Tras arrasar en el servicio de descargas de Xbox 360, Bizarre decidió exportar su nuevo e inesperado descubrimiento a otras consolas, optando finalmente por Wii y Nintendo DS como destinos más apropiados. En el caso de la versión para la portátil de Nintendo, el estudio Kuju ha sido el encargado de trasladar toda la acción, embutiendo en un cartucho toda la esencia del original más un gran número de mejoras. Y el resultado es más que satisfactorio, ofreciendo en la consola un reto que por temática, calidad y adicción es hoy por hoy difícilmente comparable dentro de su catálogo.
Aquí no hay parloteo para contar historias previas, no hay antecedentes para que te sientas más animado al juego, no hay interludio entre disparo y disparo. Esto es un arcade con todas las letras, de aquellos que hicieron sudar a los más avezados en las recreativas de los 80, de los que en la actualidad son denostados por el grueso de los jugadores, ya sea por su dificultad o su poco llamativa puesta en escena. No hay pausas, no hay misericordia, no hay continues. Al final sólo te espera un Game Over. Siempre, sin excepción. Eres tú y tu pequeña nave contra interminables hordas de enemigos, cada vez más resistentes, cada vez más veloces, cada vez más insoportables. Y como en todo buen matamarcianos, es terriblemente difícil. Desesperante si quieres llegar a ser un experto. Tu Nintendo DS correrá serio peligro de acabar estampada contra alguna pared si eres de los que no es capaz de controlar un pronto ante la enésima muerte inevitable. Pero no desistas, la perseverancia tiene su premio, y con paciencia y experiencia se puede alcanzar la gloria.
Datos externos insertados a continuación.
(* Let $n\ge2$ and let $\underline\zeta=(\zeta_1,\dots,\zeta_n)\in\mathbb R^n$ be such that $1,\zeta_1,\dots,\zeta_n$ are linearly independent over $\mathbb Q$. (i) Unconditionally, $$w_{n,3}(\underline\zeta)\ge\frac{\widehat w_n(\underline\zeta)^2}{w_n(\underline\zeta)}.$$ (ii) Suppose that there are infinitely many $k$ such that the $n+1$ consecutive best approximations $v_k,v_{k+1},\dots,v_{k+n}$ for the linear form are linearly independent. Then $$w_{n,i}(\underline\zeta)\ge\frac{\widehat w_n(\underline\zeta)^{i-1}}{w_n(\underline\zeta)^{i-2}}\quad(1\le i\le n+1)$$ and $$w_n(\underline\zeta)\ge\widehat w_n(\underline\zeta)\left(\frac{\widehat w_n(\underline\zeta)-1}{n-1}\right)^{\frac1{n-1}}.$$ (iii) Dually and unconditionally, $$\lambda_{n,3}(\underline\zeta)\ge\frac{\widehat\lambda_n(\underline\zeta)^2}{\lambda_n(\underline\zeta)}.$$ (iv) If there are infinitely many $k$ such that $n+1$ consecutive simultaneous best approximations $u_k,\dots,u_{k+n}$ are linearly independent, then $$\lambda_{n,i}(\underline\zeta)\ge\frac{\widehat\lambda_n(\underline\zeta)^{i-1}}{\lambda_n(\underline\zeta)^{i-2}}\quad(1\le i\le n+1)$$ and $$\lambda_n(\underline\zeta)\ge\widehat\lambda_n(\underline\zeta)\left(\frac{(n-1)\widehat\lambda_n(\underline\zeta)}{1-\widehat\lambda_n(\underline\zeta)}\right)^{\frac1{n-1}}.$$
   Context: For an integer vector $v=(x,y_1,\dots,y_n)\in\mathbb Z^{n+1}$ let $H(v)=\max\{|x|,|y_1|,\dots,|y_n|\}$. Linear form exponents. Let $L(v)=x+\zeta_1y_1+\dots+\zeta_ny_n$. For $1\le j\le n+1$: - $w_{n,j}(\underline\zeta)$ is the supremum of $\nu$ such that, for arbitrarily large $X$, the system $H(v)\le X$, $|L(v)|\le X^{-\nu}$ has $j$ linearly independent integer solutions $v$; - $\widehat w_{n,j}(\underline\zeta)$ is the same supremum with ''for all sufficiently large $X$'' in place of ''for arbitrarily large $X$''; - $w_n=w_{n,1}$ and $\widehat w_n=\widehat w_{n,1}$. Simultaneous approximation exponents. For $1\le j\le n+1$: - $\lambda_{n,j}(\underline\zeta)$ is the supremum of $\nu$ such that, for arbitrarily large $X$, the system $|x|\le X$, $\max_i|\zeta_ix-y_i|\le X^{-\nu}$ has $j$ linearly independent integer solutions $(x,y_1,\dots,y_n)$; - $\widehat\lambda_{n,j}$ is the same supremum with ''for all large $X$''; - $\lambda_n=\lambda_{n,1}$ and $\widehat\lambda_n=\widehat\lambda_{n,1}$. Best approximations. A best approximation for the linear form is a nonzero $v\in\mathbb Z^{n+1}$ such that every nonzero $u\in\mathbb Z^{n+1}$ with $H(u)<H(v)$ satisfies $|L(u)|>|L(v)|$. Up to sign, these form a sequence $v_1,v_2,\dots$ with nondecreasing heights and strictly decreasing $|L(v_k)|$. Simultaneous best approximations $u_1,u_2,\dots$ are defined analogously, using $|x|$ in place of $H$ and $\max_i|\zeta_ix-y_i|$ in place of $|L|$. *)

From Stdlib Require Import Reals QArith Qreals.
Open Scope R_scope.

Fixpoint rsum (f : nat -> R) (m : nat) : R :=
  match m with O => 0 | S p => rsum f p + f p end.

Fixpoint rmax (f : nat -> R) (m : nat) : R :=
  match m with O => 0 | S p => Rmax (rmax f p) (f p) end.

(* An integer vector v = (x, y_1, ..., y_n) in Z^{n+1} is represented by
   v : nat -> Z with v 0 = x and v (S i) = y_{i+1} (i < n); entries beyond
   index n are irrelevant.  zeta i stands for zeta_{i+1} (i < n). *)
Definition zvec := nat -> Z.

Definition height (n : nat) (v : zvec) : R :=
  rmax (fun i => Rabs (IZR (v i))) (S n).

Definition linform (n : nat) (zeta : nat -> R) (v : zvec) : R :=
  IZR (v 0%nat) + rsum (fun i => zeta i * IZR (v (S i))) n.

Definition simdist (n : nat) (zeta : nat -> R) (v : zvec) : R :=
  rmax (fun i => Rabs (zeta i * IZR (v 0%nat) - IZR (v (S i)))) n.

Definition nonzero (n : nat) (v : zvec) : Prop :=
  exists i, (i <= n)%nat /\ v i <> 0%Z.

Definition lin_indep (n j : nat) (V : nat -> zvec) : Prop :=
  forall c : nat -> R,
    (forall i, (i <= n)%nat -> rsum (fun k => c k * IZR (V k i)) j = 0) ->
    forall k, (k < j)%nat -> c k = 0.

Definition Q_lin_indep_1 (n : nat) (zeta : nat -> R) : Prop :=
  forall (c0 : Q) (c : nat -> Q),
    Q2R c0 + rsum (fun i => Q2R (c i) * zeta i) n = 0 ->
    Q2R c0 = 0 /\ forall i, (i < n)%nat -> Q2R (c i) = 0.

Definition w_set (n : nat) (zeta : nat -> R) (j : nat) (nu : R) : Prop :=
  forall X0, exists X, X0 <= X /\ 1 <= X /\
    exists V : nat -> zvec, lin_indep n j V /\
      forall k, (k < j)%nat ->
        height n (V k) <= X /\ Rabs (linform n zeta (V k)) <= Rpower X (- nu).

Definition what_set (n : nat) (zeta : nat -> R) (j : nat) (nu : R) : Prop :=
  exists X0, 1 <= X0 /\ forall X, X0 <= X ->
    exists V : nat -> zvec, lin_indep n j V /\
      forall k, (k < j)%nat ->
        height n (V k) <= X /\ Rabs (linform n zeta (V k)) <= Rpower X (- nu).

Definition lambda_set (n : nat) (zeta : nat -> R) (j : nat) (nu : R) : Prop :=
  forall X0, exists X, X0 <= X /\ 1 <= X /\
    exists V : nat -> zvec, lin_indep n j V /\
      forall k, (k < j)%nat ->
        Rabs (IZR (V k 0%nat)) <= X /\ simdist n zeta (V k) <= Rpower X (- nu).

Definition lhat_set (n : nat) (zeta : nat -> R) (j : nat) (nu : R) : Prop :=
  exists X0, 1 <= X0 /\ forall X, X0 <= X ->
    exists V : nat -> zvec, lin_indep n j V /\
      forall k, (k < j)%nat ->
        Rabs (IZR (V k 0%nat)) <= X /\ simdist n zeta (V k) <= Rpower X (- nu).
Gloria que en Geometry Wars no es ni más ni menos que los ránkings online con las mejores puntuaciones del mundo. Para que todos sepan quién es el verdadero amo del juego, sin discusión.
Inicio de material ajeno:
(* Let $\Sigma \in \mathbb{R}^{3\times 3}$ be a symmetric positive definite matrix and let $\mathbf{c}_1,\dots,\mathbf{c}_\kappa \in \mathbb{R}^3$. For $k=1,\dots,\kappa$ define $\phi_k:\mathbb{R}^3\to\mathbb{R}$ by $\phi_k(\mathbf{x}) = \exp\!\big(-(\mathbf{x}-\mathbf{c}_k)^\top \Sigma^{-1}(\mathbf{x}-\mathbf{c}_k)\big)$, and let $\Phi:\mathbb{R}^3\to\mathbb{R}^\kappa$, $\Phi(\mathbf{x}) = [\phi_1(\mathbf{x}),\dots,\phi_\kappa(\mathbf{x})]^\top$. If the points $\mathbf{c}_1,\dots,\mathbf{c}_\kappa$ do not all lie in a common (affine) hyperplane of $\mathbb{R}^3$, then $\Phi$ is injective.
   Context: A hyperplane of $\mathbb{R}^3$ means a set of the form $\{\mathbf{c}\in\mathbb{R}^3 : \mathbf{b}^\top \mathbf{c} = a\}$ with $\mathbf{b}\in\mathbb{R}^3\setminus\{0\}$, $a\in\mathbb{R}$. *)

From HB Require Import structures.
From mathcomp Require Import all_boot all_order all_algebra.
From mathcomp Require Import all_classical all_reals all_analysis.
Set Implicit Arguments. Unset Strict Implicit. Unset Printing Implicit Defensive.
Import Order.TTheory GRing.Theory Num.Theory.
Local Open Scope ring_scope.

Definition sym_posdef (R : realType) (S : 'M[R]_3) : Prop :=
  S^T = S /\ forall v : 'cV[R]_3, v != 0 -> 0 < (v^T *m S *m v) 0 0.

Definition gauss_feature (R : realType) (Sigma : 'M[R]_3) (c x : 'cV[R]_3) : R :=
  expR (- ((x - c)^T *m invmx Sigma *m (x - c)) 0 0).

Definition Phi (R : realType) (kappa : nat) (Sigma : 'M[R]_3)
  (c : 'I_kappa -> 'cV[R]_3) (x : 'cV[R]_3) : 'cV[R]_kappa :=
  \col_(k < kappa) gauss_feature Sigma (c k) x.

Definition in_hyperplane (R : realType) (b : 'cV[R]_3) (a : R) (y : 'cV[R]_3) : Prop :=
  (b^T *m y) 0 0 = a.

Definition all_in_common_hyperplane (R : realType) (kappa : nat)
  (c : 'I_kappa -> 'cV[R]_3) : Prop :=
  exists (b : 'cV[R]_3) (a : R), b != 0 /\ forall k, in_hyperplane b a (c k).

From HB Require Import structures.
From mathcomp Require Import all_boot all_order all_algebra.
From mathcomp Require Import all_classical all_reals all_analysis.
From mathcomp Require Import ring.
Set Implicit Arguments. Unset Strict Implicit. Unset Printing Implicit Defensive.
Import Order.TTheory GRing.Theory Num.Theory.
Local Open Scope ring_scope.

(* Equal Gaussian features at x and y mean x and y are at the same Sigma^-1-distance from
   the centre c.  Expanding the two quadratic forms, the terms quadratic in c cancel, so
   every centre satisfies one affine equation with normal Sigma^-1 (x - y), which is
   nonzero when x <> y: all centres would lie in a common hyperplane. *)

Lemma trmx11 (R : Type) (A : 'M[R]_1) : A^T = A.
Proof. by apply/matrixP => i j; rewrite !ord1 mxE. Qed.

Section SymmetricForm.

Variables (R : numFieldType) (n : nat) (M : 'M[R]_n).
Hypothesis symM : M^T = M.

Lemma sym_formC (u v : 'cV[R]_n) : u^T *m M *m v = v^T *m M *m u.
Proof. by rewrite -[LHS]trmx11 !trmx_mul symM trmxK mulmxA. Qed.

Lemma sym_formB (u v : 'cV[R]_n) :
  (u - v)^T *m M *m (u - v)
  = u^T *m M *m u - (v^T *m M *m u) *+ 2 + v^T *m M *m v.
Proof.
rewrite mulmxBr [(u - v)^T]linearB /= !mulmxBl [u^T *m M *m v]sym_formC.
by apply/matrixP => i j; rewrite !mxE; ring.
Qed.

Lemma sym_form_equidistant (x y c : 'cV[R]_n) :
  ((x - c)^T *m M *m (x - c)) 0 0 = ((y - c)^T *m M *m (y - c)) 0 0 ->
  ((M *m (x - y))^T *m c) 0 0
  = ((x^T *m M *m x) 0 0 - (y^T *m M *m y) 0 0) / 2%:R.
Proof.
move=> equidist.
have -> : (M *m (x - y))^T *m c = c^T *m M *m x - c^T *m M *m y.
  by rewrite trmx_mul symM (sym_formC (x - y)) mulmxBr.
move: equidist; rewrite !sym_formB.
move: (x^T *m M *m x) (y^T *m M *m y) (c^T *m M *m x) (c^T *m M *m y)
  (c^T *m M *m c) => X Y P Q C; rewrite !mxE => equidist.
apply: (canRL (mulfK _)); first by rewrite pnatr_eq0.
have -> : X 0 0 - Y 0 0 = (X 0 0 - P 0 0 *+ 2 + C 0 0)
    - (Y 0 0 - Q 0 0 *+ 2 + C 0 0) + (P 0 0 - Q 0 0) * 2%:R by ring.
by rewrite equidist subrr add0r.
Qed.

End SymmetricForm.

Lemma posdef_unitmx (R : numFieldType) (n : nat) (S : 'M[R]_n) :
  (forall v : 'cV[R]_n, v != 0 -> 0 < (v^T *m S *m v) 0 0) -> S \in unitmx.
Proof.
move=> posS; rewrite unitmxE unitfE; apply/det0P => -[v v_neq0 vS0].
have := posS v^T; rewrite trmx_eq0 trmxK vS0 mul0mx mxE ltxx.
by move/(_ v_neq0).
Qed.

Lemma gauss_feature_eq_dist (R : realType) (Sigma : 'M[R]_3) (c x y : 'cV[R]_3) :
  gauss_feature Sigma c x = gauss_feature Sigma c y ->
  ((x - c)^T *m invmx Sigma *m (x - c)) 0 0
  = ((y - c)^T *m invmx Sigma *m (y - c)) 0 0.
Proof. by move=> /expR_inj /oppr_inj. Qed.

Theorem mainTheorem1 (R : realType) (kappa : nat) (Sigma : 'M[R]_3)
  (c : 'I_kappa -> 'cV[R]_3) :
  sym_posdef Sigma ->
  ~ all_in_common_hyperplane c ->
  injective (Phi Sigma c).
Proof.
move=> [symS posS] not_coplanar x y eqPhi.
have [//|neq_xy] := eqVneq x y; exfalso; apply: not_coplanar.
have unitS := posdef_unitmx posS.
have symSinv : (invmx Sigma)^T = invmx Sigma by rewrite trmx_inv symS.
set M := invmx Sigma.
exists (M *m (x - y)), (((x^T *m M *m x) 0 0 - (y^T *m M *m y) 0 0) / 2%:R).
split.
  apply: contraNneq neq_xy => /(congr1 (mulmx Sigma)).
  by rewrite mulKVmx // mulmx0 => /eqP; rewrite subr_eq0.
move=> k; apply: sym_form_equidistant => //; apply: gauss_feature_eq_dist.
by have := congr1 (fun v : 'cV_kappa => v k 0) eqPhi; rewrite /= !mxE.
Qed.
Como ya sucediera en la versión Retro Evolved de Xbox Live Arcade, el título ofrece un aspecto y una mecánica simplistas a más no poder, y haciendo verdadero honor a su nombre. Somos una insignificante nave dentro de un recinto acotado, cuyo objetivo es sobrevivir. Armados con un láser, únicamente tenemos que dedicarnos a matar, matar y matar a las naves enemigas que van apareciendo. O mejor llamadas formas geómetricas hostiles que nos atacarán sin cuartel, con un ritmo ascendente y que siempre acaba asfixiando. No disparan, simplemente se lanzan hacia ti, algunas como verdaderos proyectiles.
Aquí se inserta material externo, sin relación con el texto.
Lemma ann_X_eq0 t c : J (pi c) -> t * r = 0 -> c * t = 0 -> t *: X c = 0.
Proof.
move=> Jc tr0 ct0.
have [[v r_cv] | [d ->]] := valuation_dvd_total c r hR; last first.
  have qXc0 : q (X (r * d)) = q 0 by rewrite qX rmorphM pi_r mul0r phi0 q0.
  by rewrite (ann_scale_eq tr0 qXc0) scaler0.
have [[w t_vw] | [w v_tw]] := valuation_dvd_total v t hR.
- rewrite t_vw mulrC -scalerA.
  have /q_ker [x' ->] : q (v *: X c) = 0 by rewrite q_scaleX // -r_cv pi_r phi0.
  by rewrite scalerA r_cv mulrCA [w * v]mulrC -t_vw ct0 scale0r.
- have /q_ker [x' ->] : q (t *: X c) = 0 by rewrite q_scaleX // ct0 rmorph0 phi0.
  by rewrite r_cv v_tw mulrA ct0 mul0r scale0r.
Qed.

Lemma ann_X_eq a a' t t' : J (pi a) -> J (pi a') -> t * r = 0 -> t' * r = 0 ->
  a * t = a' * t' -> t *: X a = t' *: X a'.
Proof.
wlog [w ->] : a a' t t' / exists w, t' = t * w.
  move=> wlog_case Ja Ja' tr0 t'r0 eq_at.
  have [t_dvd | [w t_t'w]] := valuation_dvd_total t t' hR; first exact: wlog_case.
  by symmetry; apply: wlog_case; rewrite // t_t'w; exists w.
move=> Ja Ja' tr0 _ eq_at.
have Jc : J (pi (a - a' * w)).
  by rewrite -mulrN; apply/J_pi_add/J_pi_mul.
have Ja'w : J (pi (a' * w)) by apply: J_pi_mul.
rewrite -[a](subrK (a' * w)) X_add // X_mul // ann_X_eq0 ?add0r //.
by rewrite mulrBl eq_at -mulrA [w * t]mulrC subrr.
Qed.

Definition X_graph c v :=
  exists a t, [/\ J (pi a), t * r = 0, c = a * t & v = t *: X a].

Lemma X_graph_add_dvd a t a' w : J (pi a) -> J (pi a') -> t * r = 0 ->
  X_graph (a * t + a' * (t * w)) (t *: X a + (t * w) *: X a').
Proof.
move=> Ja Ja' tr0; exists (a + a' * w), t; split => //; first exact/J_pi_add/J_pi_mul.
  by rewrite mulrDl -mulrA [w * t]mulrC.
by rewrite X_add ?X_mul //; apply: J_pi_mul.
Qed.

Lemma X_graphD c v c' v' : X_graph c v -> X_graph c' v' -> X_graph (c + c') (v + v').
Proof.
move=> [a [t [Ja tr0 -> ->]]] [a' [t' [Ja' t'r0 -> ->]]].
have [[w ->] | [w ->]] := valuation_dvd_total t t' hR.
  exact: X_graph_add_dvd.
by rewrite addrC [_ + _ *: X a']addrC; apply: X_graph_add_dvd.
Qed.

Lemma X_graph_scaling : exists e, forall c v, X_graph c v -> v = c *: e.
Proof.
apply: (injective_baer_graph hE) => [|||c v v'].
- by exists 0, 0; split; rewrite ?mul0r ?scale0r.
- exact: X_graphD.
- move=> d _ _ [a [t [Ja tr0 -> ->]]].
  exists (a * d), t; split => //; first exact: J_pi_mul.
    by rewrite mulrA [d * a]mulrC.
  by rewrite X_mul // scalerA mulrC.
- by move=> [a [t [Ja tr0 -> ->]]] [a' [t' [Ja' t'r0 eq_at ->]]]; apply: ann_X_eq.
Qed.

Lemma ideal_map_extends : exists y, forall j, J j -> phi j = j *: y.
Proof.
have [e eP] := X_graph_scaling.
exists (q e) => j; have [a <-] := pi_surj j => Ja.
rewrite -q_scale -qX; apply/eqP; rewrite -subr_eq0 -qB; apply/eqP/q_eq0_of_ann.
move=> t tr0; rewrite scalerBr scalerA [t * a]mulrC -(eP _ (t *: X a)) ?subrr //.
by exists a, t.
Qed.

End IdealMap.

Lemma quotient_baer : baer_prop Q.
Proof.
move=> J hJ phi phiD phiZ.
have [X qX] := choice (fun a x => q x = phi (pi a)) (fun a => q_surj (phi (pi a))).
exact: (ideal_map_extends hJ phiD phiZ qX).
Qed.

End QuotientBaer.

Theorem mainTheorem3 (R : comNzRingType) (hR : valuation_ring R)
  (P : R -> Prop) (hP : maximal_ideal P)
  (E : lmodType R) (hE : injective_module E)
  (r : R) (hr : P r)
  (S : comNzRingType) (pi : {rmorphism R -> S})
  (pi_surj : forall s : S, exists a : R, pi a = s)
  (pi_ker : forall a : R, pi a = 0 <-> exists b : R, a = r * b)
  (Q : lmodType S) (q : E -> Q)
  (q_add : forall x y : E, q (x + y) = q x + q y)
  (q_scale : forall (a : R) (x : E), q (a *: x) = pi a *: q x)
  (q_surj : forall y : Q, exists x : E, q x = y)
  (q_ker : forall x : E, q x = 0 <-> exists x' : E, x = r *: x') :
  injective_module Q.
Proof.
apply: baer_injective.
exact: (quotient_baer hR hE pi_surj pi_ker q_add q_scale q_surj q_ker).
Qed.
Afinando un poco en la descripción de su mecánica, cabe mencionar primeramente su sistema de control. En Xbox 360 los dos analógicos se utilizan uno para desplazar la nave a nuestro antojo y otro para dirigir la ráfaga láser que surje de ella. Con este más que apropiado manejo se nos da la oportunidad, imprescindible, de disparar en una dirección mientras nos movemos en otra distinta, esquivando los envites enemigos. Como Nintendo DS no dispone de ningún stick, su carencia se suple por medio de la cruceta y la pantalla táctil. La primera hace las veces de mandos de la nave, mientras que armados con el stylus indicamos en qué dirección queremos disparar nuestra siempre funcional ametralladora. Los gatillos lanzan las valiosas y escasas bombas que destruyen de un vistazo todo lo que haya en pantalla. Existen algunas variantes, incluyendo la habitual opción para zurdos, pero la más apropiada es la que viene de serie, por ser más intuitiva y fácil de perfeccionar. Realmente el sistema no puede compararse al que ofrece el mando de la consola de Microsoft pero, con un poco de práctica, no echarás muy en falta los sticks analógicos.